EXERCISE:
In the reply, include exactly the lines of the entries below from the first to the line with "(f : X -> X) : Prop", that line included.

DATASET EXCERPTS:
■ ■ ■
(* Let $X$ be an infinite discrete space and $G$ a subgroup of the permutation group $\mathrm S(X)$ with the permutation topology $\tau_\partial$. The following conditions are equivalent: (1) the maximal equiuniformity $\mathcal U_X$ on $X$ (for the action $G\curvearrowright X$) is totally bounded; (2) the action of $G$ on $X$ is oligomorphic; (3) for every $n\in\mathbb N$ the maximal equiuniformity $\mathcal U_{X^n}$ on $X^n$ for the diagonal action $G\curvearrowright X^n$ is totally bounded. If one of the equivalent conditions (1)–(3) holds, then $G$ is Roelcke precompact.
   Context: $\tau_\partial$: the group topology on $G$ with neighbourhood base of the identity the pointwise stabilizers $\mathrm{St}_F=\{g\in G\mid g(x)=x\ \forall x\in F\}$, $F\subset X$ finite. For a discrete set $Y$ on which $G$ acts (here $Y=X$ or $Y=X^n$ with $g(y_1,\dots,y_n)=(gy_1,\dots,gy_n)$), the maximal equiuniformity $\mathcal U_Y$ has as base the partitions $\{\mathrm{St}_F\,y\mid y\in Y\}$ of $Y$ into orbits of $\mathrm{St}_F$, where $F$ ranges over finite subsets of $Y$ and $\mathrm{St}_F$ is the pointwise stabilizer of $F$ in $G$. The action is oligomorphic if for every $n\in\mathbb N$ the diagonal action $G\curvearrowright X^n$ has finitely many orbits. $G$ is Roelcke precompact if its Roelcke uniformity (greatest lower bound of left and right uniformities, base $\{UgU\mid g\in G\}$) is totally bounded. *)

From Stdlib Require Import List.
From Stdlib Require Vectors.Fin.
Import ListNotations.
Set Implicit Arguments.

Definition infinite_type (X : Type) : Prop :=
  ~ exists l : list X, forall x, In x l.

Definition bijective {X : Type} (f : X -> X) : Prop :=
  exists h : X -> X, (forall x, h (f x) = x) /\ (forall x, f (h x) = x).

Definition is_perm_subgroup {X : Type} (G : (X -> X) -> Prop) : Prop :=
  (forall g, G g -> bijective g) /\
  G (fun x => x) /\
  (forall g h, G g -> G h -> G (fun x => g (h x))) /\
  (forall g, G g -> exists h, G h /\ (forall x, h (g x) = x) /\ (forall x, g (h x) = x)).

Definition St {X Y : Type} (G : (X -> X) -> Prop) (act : (X -> X) -> Y -> Y)
  (F : list Y) (g : X -> X) : Prop :=
  G g /\ forall y, In y F -> act g y = y.

(* Base entourage of U_Y: the partition of Y into St_F-orbits. *)
Definition orbit_entourage {X Y : Type} (G : (X -> X) -> Prop)
  (act : (X -> X) -> Y -> Y) (F : list Y) (y y' : Y) : Prop :=
  exists g, St G act F g /\ y' = act g y.

Definition max_equiunif_entourage {X Y : Type} (G : (X -> X) -> Prop)
  (act : (X -> X) -> Y -> Y) (E : Y -> Y -> Prop) : Prop :=
  exists F : list Y, forall y y', orbit_entourage G act F y y' -> E y y'.

Definition totally_bounded_unif {Y : Type} (Ent : (Y -> Y -> Prop) -> Prop) : Prop :=
  forall E, Ent E -> exists A : list Y, forall y, exists a, In a A /\ E a y.

Definition max_equiunif_totally_bounded {X Y : Type} (G : (X -> X) -> Prop)
  (act : (X -> X) -> Y -> Y) : Prop :=
  totally_bounded_unif (max_equiunif_entourage G act).

Definition act_X {X : Type} (g : X -> X) (x : X) : X := g x.
Definition act_Xn {X : Type} (n : nat) (g : X -> X) (v : Fin.t n -> X) : Fin.t n -> X :=
  fun i => g (v i).

Definition finitely_many_orbits {X Y : Type} (G : (X -> X) -> Prop)
  (act : (X -> X) -> Y -> Y) : Prop :=
  exists L : list Y, forall y, exists w g, In w L /\ G g /\ act g w = y.

Definition oligomorphic {X : Type} (G : (X -> X) -> Prop) : Prop :=
  forall n : nat, finitely_many_orbits G (@act_Xn X n).

Definition tau_nbhd_id {X : Type} (G : (X -> X) -> Prop) (U : (X -> X) -> Prop) : Prop :=
  (forall g, U g -> G g) /\
  exists F : list X, forall g, St G (@act_X X) F g -> U g.

Definition roelcke_entourage_of {X : Type} (U : (X -> X) -> Prop) (g h : X -> X) : Prop :=
  exists u1 u2, U u1 /\ U u2 /\ forall x, h x = u1 (g (u2 x)).

Definition roelcke_precompact {X : Type} (G : (X -> X) -> Prop) : Prop :=
  forall U, tau_nbhd_id G U ->
    exists A : list (X -> X), (forall a, In a A -> G a) /\
      forall g, G g -> exists a, In a A /\ roelcke_entourage_of U a g.

(* Total boundedness of the maximal equiuniformity U_Y says exactly that every
   pointwise stabiliser St_F has finitely many orbits on Y.  If G is
   oligomorphic then so is every St_F, by induction on F: the St_(a::F)-orbits
   of n-tuples v are read off from the St_F-orbits of the (n+1)-tuples (a, v).
   Conversely, if every St_F has finitely many orbits on X, then G has finitely
   many orbits on (n+1)-tuples: extend each representative w of an orbit of
   n-tuples by representatives of the St_w-orbits on X.  Finally, if t
   enumerates F and a_1, ..., a_k are chosen along the finitely many
   St_F-orbits of the tuples g t (g in G), every g lies in some St_F a_i St_F,
   which is Roelcke precompactness. *)
From Stdlib Require Import List.
From Stdlib Require Import Classical FunctionalExtensionality IndefiniteDescription.
Import ListNotations.

Lemma witness_list {A B : Type} (P : A -> B -> Prop) (L : list A) :
  exists C : list B, (forall c, In c C -> exists w, In w L /\ P w c) /\
    (forall w, In w L -> forall b, P w b -> exists c, In c C /\ P w c).
Proof.
  induction L as [|w L [C [HC HL]]].
  - exists []. split; intros; simpl in *; tauto.
  - destruct (classic (exists b, P w b)) as [[b Hb]|Hnone].
    + exists (b :: C). split.
      * intros c [<-|Hc]; [exists w; simpl; auto|].
        destruct (HC c Hc) as [w' [? ?]]. exists w'; simpl; auto.
      * intros w' [<-|Hw'] b' Hb'; [exists b; simpl; auto|].
        destruct (HL w' Hw' b' Hb') as [c [? ?]]. exists c; simpl; auto.
    + exists C. split.
      * intros c Hc. destruct (HC c Hc) as [w' [? ?]]. exists w'; simpl; auto.
      * intros w' [<-|Hw'] b' Hb'; [exfalso; eauto|eauto].
Qed.

Definition tcons {X : Type} {n : nat} (x : X) (v : Fin.t n -> X) : Fin.t (S n) -> X :=
  fun i => Fin.caseS' i (fun _ => X) x v.

Definition ttail {X : Type} {n : nat} (v : Fin.t (S n) -> X) : Fin.t n -> X :=
  fun i => v (Fin.FS i).

Fixpoint fin_enum (n : nat) : list (Fin.t n) :=
  match n with 0 => [] | S m => Fin.F1 :: map Fin.FS (fin_enum m) end.

Lemma fin_enum_In (n : nat) (i : Fin.t n) : In i (fin_enum n).
Proof.
  induction n as [|n IH].
  - exact (Fin.case0 (fun i => In i (fin_enum 0)) i).
  - pattern i. apply Fin.caseS'; [left; reflexivity|].
    intros j. right. apply in_map, IH.
Qed.

Definition tuple_entries {X : Type} {n : nat} (v : Fin.t n -> X) : list X :=
  map v (fin_enum n).

Lemma tuple_entries_In {X : Type} {n : nat} (v : Fin.t n -> X) (i : Fin.t n) :
  In (v i) (tuple_entries v).
Proof. apply in_map, fin_enum_In. Qed.

Fixpoint list_tuple {X : Type} (l : list X) : Fin.t (length l) -> X :=
  match l with
  | [] => fun i => Fin.case0 (fun _ => X) i
  | x :: l' => tcons x (list_tuple l')
  end.

Lemma list_tuple_surj {X : Type} (l : list X) (y : X) :
  In y l -> exists i, list_tuple l i = y.
Proof.
  induction l as [|x l IH]; simpl; [tauto|].
  intros [<-|Hy].
  - exists Fin.F1. reflexivity.
  - destruct (IH Hy) as [i Hi]. exists (Fin.FS i). exact Hi.
Qed.

Lemma act_Xn_eq_apply {X : Type} {n : nat} {g : X -> X} {v w : Fin.t n -> X} (i : Fin.t n) :
  act_Xn g v = w -> g (v i) = w i.
Proof. intros <-. reflexivity. Qed.

Lemma max_equiunif_totally_bounded_iff {X Y : Type} (G : (X -> X) -> Prop)
    (act : (X -> X) -> Y -> Y) :
  max_equiunif_totally_bounded G act <->
  forall F, finitely_many_orbits (St G act F) act.
Proof.
  split.
  - intros Htb F. destruct (Htb (orbit_entourage G act F)) as [A HA].
    + exists F; auto.
    + exists A. intros y. destruct (HA y) as [a [Ha [g [Hg ->]]]]. eauto.
  - intros Horb E [F HF]. destruct (Horb F) as [L HL]. exists L. intros y.
    destruct (HL y) as [w [g [Hw [Hg <-]]]]. exists w. split; auto.
    apply HF. exists g; auto.
Qed.

Lemma max_equiunif_tuples1_totally_bounded {X : Type} (G : (X -> X) -> Prop) :
  max_equiunif_totally_bounded G (@act_Xn X 1) ->
  max_equiunif_totally_bounded G (@act_X X).
Proof.
  rewrite !max_equiunif_totally_bounded_iff. intros Htb F.
  destruct (Htb (map (fun x (_ : Fin.t 1) => x) F)) as [L HL].
  exists (map (fun v => v Fin.F1) L). intros x.
  destruct (HL (fun _ => x)) as [w [g [Hw [[Gg Hg] Hgw]]]].
  exists (w Fin.F1), g. repeat split; auto.
  - apply (in_map (fun v => v Fin.F1)). exact Hw.
  - intros z Hz. apply (act_Xn_eq_apply Fin.F1 (Hg _ (in_map _ F z Hz))).
  - exact (act_Xn_eq_apply Fin.F1 Hgw).
Qed.

Section PermutationGroup.

Context {X : Type} {G : (X -> X) -> Prop} (HG : is_perm_subgroup G).

Lemma G_comp {g h : X -> X} : G g -> G h -> G (fun x => g (h x)).
Proof. apply HG. Qed.

Lemma G_inv {g : X -> X} :
  G g -> exists h, G h /\ (forall x, h (g x) = x) /\ (forall x, g (h x) = x).
Proof. apply HG. Qed.

Lemma St_comp {F : list X} {g h : X -> X} :
  St G act_X F g -> St G act_X F h -> St G act_X F (fun x => g (h x)).
Proof.
  intros [Gg Hg] [Gh Hh]. split; [exact (G_comp Gg Gh)|].
  intros y Hy. unfold act_X in *. rewrite (Hh y Hy). exact (Hg y Hy).
Qed.

Lemma St_inv {F : list X} {g : X -> X} :
  St G act_X F g ->
  exists h, St G act_X F h /\ (forall x, h (g x) = x) /\ (forall x, g (h x) = x).
Proof.
  intros [Gg Hg]. destruct (G_inv Gg) as [h [Gh [Hhg Hgh]]].
  exists h. repeat split; auto.
  intros y Hy. unfold act_X. rewrite <- (Hg y Hy) at 1. apply Hhg.
Qed.

Lemma St_nil (g : X -> X) : G g -> St G act_X [] g.
Proof. split; [auto|intros _ []]. Qed.

Lemma oligomorphic_stabilizer (Hol : oligomorphic G) (F : list X) (n : nat) :
  finitely_many_orbits (St G act_X F) (@act_Xn X n).
Proof.
  revert n. induction F as [|a F IH]; intros n.
  - destruct (Hol n) as [L HL]. exists L. intros y.
    destruct (HL y) as [w [g [Hw [Gg Hgw]]]]. exists w, g. auto using St_nil.
  - destruct (IH (S n)) as [L HL].
    set (P := fun (w : Fin.t (S n) -> X) (c : Fin.t n -> X) =>
      exists g0, St G act_X F g0 /\ g0 (w Fin.F1) = a /\ c = ttail (act_Xn g0 w)).
    destruct (witness_list P L) as [C [_ HC]].
    exists C. intros y.
    destruct (HL (tcons a y)) as [w [g [Hw [Sg Hgw]]]].
    assert (Hga : g (w Fin.F1) = a) by exact (act_Xn_eq_apply Fin.F1 Hgw).
    destruct (HC w Hw y) as [c [Hc [g0 [Sg0 [Hg0a ->]]]]].
    { exists g. split; [exact Sg|split; [exact Hga|]]. rewrite Hgw. reflexivity. }
    destruct (St_inv Sg0) as [k [Sk [Hkg0 _]]].
    assert (Sgk := St_comp Sg Sk).
    exists (ttail (act_Xn g0 w)), (fun x => g (k x)). split; [exact Hc|split; [split|]].
    + exact (proj1 Sgk).
    + intros z [<-|Hz].
      * unfold act_X. rewrite <- Hg0a at 1; rewrite Hkg0. exact Hga.
      * exact (proj2 Sgk z Hz).
    + apply functional_extensionality. intros i. unfold act_Xn, ttail.
      rewrite Hkg0. exact (act_Xn_eq_apply (Fin.FS i) Hgw).
Qed.

Lemma oligomorphic_max_equiunif_totally_bounded (Hol : oligomorphic G) (n : nat) :
  max_equiunif_totally_bounded G (@act_Xn X n).
Proof.
  apply max_equiunif_totally_bounded_iff. intros F.
  destruct (oligomorphic_stabilizer Hol (flat_map tuple_entries F) n) as [L HL].
  exists L. intros y. destruct (HL y) as [w [g [Hw [[Gg Hg] Hgw]]]].
  exists w, g. repeat split; auto.
  intros v Hv. apply functional_extensionality. intros i. apply Hg.
  apply in_flat_map. exists v. split; auto using tuple_entries_In.
Qed.

Lemma max_equiunif_totally_bounded_oligomorphic :
  max_equiunif_totally_bounded G (@act_X X) -> oligomorphic G.
Proof.
  rewrite max_equiunif_totally_bounded_iff. intros Htb n. induction n as [|n IH].
  - set (v0 := fun i : Fin.t 0 => Fin.case0 (fun _ => X) i).
    exists [v0]. intros y. exists v0, (fun x => x). repeat split; [left; auto|apply HG|].
    apply functional_extensionality. intros i. exact (Fin.case0 (fun i => _ = y i) i).
  - destruct IH as [L HL].
    destruct (functional_choice (fun (w : Fin.t n -> X) (A : list X) =>
      forall x, exists a h, In a A /\ St G act_X (tuple_entries w) h /\ h a = x))
      as [reps Hreps].
    { intros w. exact (Htb (tuple_entries w)). }
    exists (flat_map (fun w => map (fun a => tcons a w) (reps w)) L).
    intros y. destruct (HL (ttail y)) as [w [g [Hw [Gg Hgw]]]].
    destruct (G_inv Gg) as [k [_ [_ Hgk]]].
    destruct (Hreps w (k (y Fin.F1))) as [a [h [Ha [[Gh Hh] Hha]]]].
    exists (tcons a w), (fun x => g (h x)). repeat split.
    + apply in_flat_map. exists w. split; auto. apply (in_map (fun a => tcons a w)), Ha.
    + exact (G_comp Gg Gh).
    + apply functional_extensionality. intros i. pattern i. apply Fin.caseS'.
      * unfold act_Xn. simpl. rewrite Hha. apply Hgk.
      * intros j. unfold act_Xn. simpl. rewrite Hh by apply tuple_entries_In.
        exact (act_Xn_eq_apply j Hgw).
Qed.

Lemma oligomorphic_roelcke_precompact : oligomorphic G -> roelcke_precompact G.
Proof.
  intros Hol U [_ [F HF]].
  set (t := list_tuple F).
  destruct (oligomorphic_stabilizer Hol F (length F)) as [L HL].
  set (P := fun (w : Fin.t (length F) -> X) (a : X -> X) =>
     G a /\ exists u, St G act_X F u /\ act_Xn u w = act_Xn a t).
  destruct (witness_list P L) as [C [HCsound HCcomplete]].
  exists C. split.
  { intros c Hc. destruct (HCsound c Hc) as [w [_ [? _]]]. auto. }
  intros g Gg.
  destruct (HL (act_Xn g t)) as [w [h [Hw [Sh Hhw]]]].
  destruct (HCcomplete w Hw g) as [a [Ha [Ga [u [Su Huw]]]]].
  { split; auto. exists h. auto. }
  exists a. split; auto.
  destruct (St_inv Su) as [ui [Sui [Huiu _]]].
  destruct (G_inv (proj1 Sh)) as [hi [Ghi [Hhih Hhhi]]].
  destruct (G_inv Ga) as [ai [Gai [Haia Haai]]].
  (* g = (h ui) a (ai u hi g), and both outer factors fix F pointwise *)
  exists (fun x => h (ui x)), (fun x => ai (u (hi (g x)))). repeat split.
  - apply HF, St_comp; auto.
  - apply HF. split; [exact (G_comp Gai (G_comp (proj1 Su) (G_comp Ghi Gg)))|].
    intros y Hy. unfold act_X. destruct (list_tuple_surj F y Hy) as [i <-].
    assert (Hgt : g (t i) = h (w i)) by exact (eq_sym (act_Xn_eq_apply i Hhw)).
    assert (Huw_i : u (w i) = a (t i)) by exact (act_Xn_eq_apply i Huw).
    unfold t in *. rewrite Hgt, Hhih, Huw_i. apply Haia.
  - intros x. rewrite Haai, Huiu, Hhhi. reflexivity.
Qed.

End PermutationGroup.

Theorem theorem3p1 (X : Type) (G : (X -> X) -> Prop)
  (HX : infinite_type X) (HG : is_perm_subgroup G) :
  (max_equiunif_totally_bounded G (@act_X X) <-> oligomorphic G) /\
  (oligomorphic G <->
     (forall n : nat, max_equiunif_totally_bounded G (@act_Xn X n))) /\
  ((max_equiunif_totally_bounded G (@act_X X) \/ oligomorphic G \/
    (forall n : nat, max_equiunif_totally_bounded G (@act_Xn X n))) ->
   roelcke_precompact G).
Proof.
  assert (tb1_olig := max_equiunif_totally_bounded_oligomorphic HG).
  assert (olig_tbn := oligomorphic_max_equiunif_totally_bounded HG).
  assert (tbn_tb1 := @max_equiunif_tuples1_totally_bounded X G).
  assert (olig_roelcke := oligomorphic_roelcke_precompact HG).
  split; [|split]; [split..|].
  - exact tb1_olig.
  - intros Hol. exact (tbn_tb1 (olig_tbn Hol 1)).
  - exact olig_tbn.
  - intros Htb. exact (tb1_olig (tbn_tb1 (Htb 1))).
  - intros Hany. apply olig_roelcke.
    destruct Hany as [Htb|[Hol|Htb]];
      [exact (tb1_olig Htb)|exact Hol|exact (tb1_olig (tbn_tb1 (Htb 1)))].
Qed.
■ ■ ■
SOLUTION TO THE EXERCISE:
(* Let $X$ be an infinite discrete space and $G$ a subgroup of the permutation group $\mathrm S(X)$ with the permutation topology $\tau_\partial$. The following conditions are equivalent: (1) the maximal equiuniformity $\mathcal U_X$ on $X$ (for the action $G\curvearrowright X$) is totally bounded; (2) the action of $G$ on $X$ is oligomorphic; (3) for every $n\in\mathbb N$ the maximal equiuniformity $\mathcal U_{X^n}$ on $X^n$ for the diagonal action $G\curvearrowright X^n$ is totally bounded. If one of the equivalent conditions (1)–(3) holds, then $G$ is Roelcke precompact.
   Context: $\tau_\partial$: the group topology on $G$ with neighbourhood base of the identity the pointwise stabilizers $\mathrm{St}_F=\{g\in G\mid g(x)=x\ \forall x\in F\}$, $F\subset X$ finite. For a discrete set $Y$ on which $G$ acts (here $Y=X$ or $Y=X^n$ with $g(y_1,\dots,y_n)=(gy_1,\dots,gy_n)$), the maximal equiuniformity $\mathcal U_Y$ has as base the partitions $\{\mathrm{St}_F\,y\mid y\in Y\}$ of $Y$ into orbits of $\mathrm{St}_F$, where $F$ ranges over finite subsets of $Y$ and $\mathrm{St}_F$ is the pointwise stabilizer of $F$ in $G$. The action is oligomorphic if for every $n\in\mathbb N$ the diagonal action $G\curvearrowright X^n$ has finitely many orbits. $G$ is Roelcke precompact if its Roelcke uniformity (greatest lower bound of left and right uniformities, base $\{UgU\mid g\in G\}$) is totally bounded. *)

From Stdlib Require Import List.
From Stdlib Require Vectors.Fin.
Import ListNotations.
Set Implicit Arguments.

Definition infinite_type (X : Type) : Prop :=
  ~ exists l : list X, forall x, In x l.

Definition bijective {X : Type} (f : X -> X) : Prop :=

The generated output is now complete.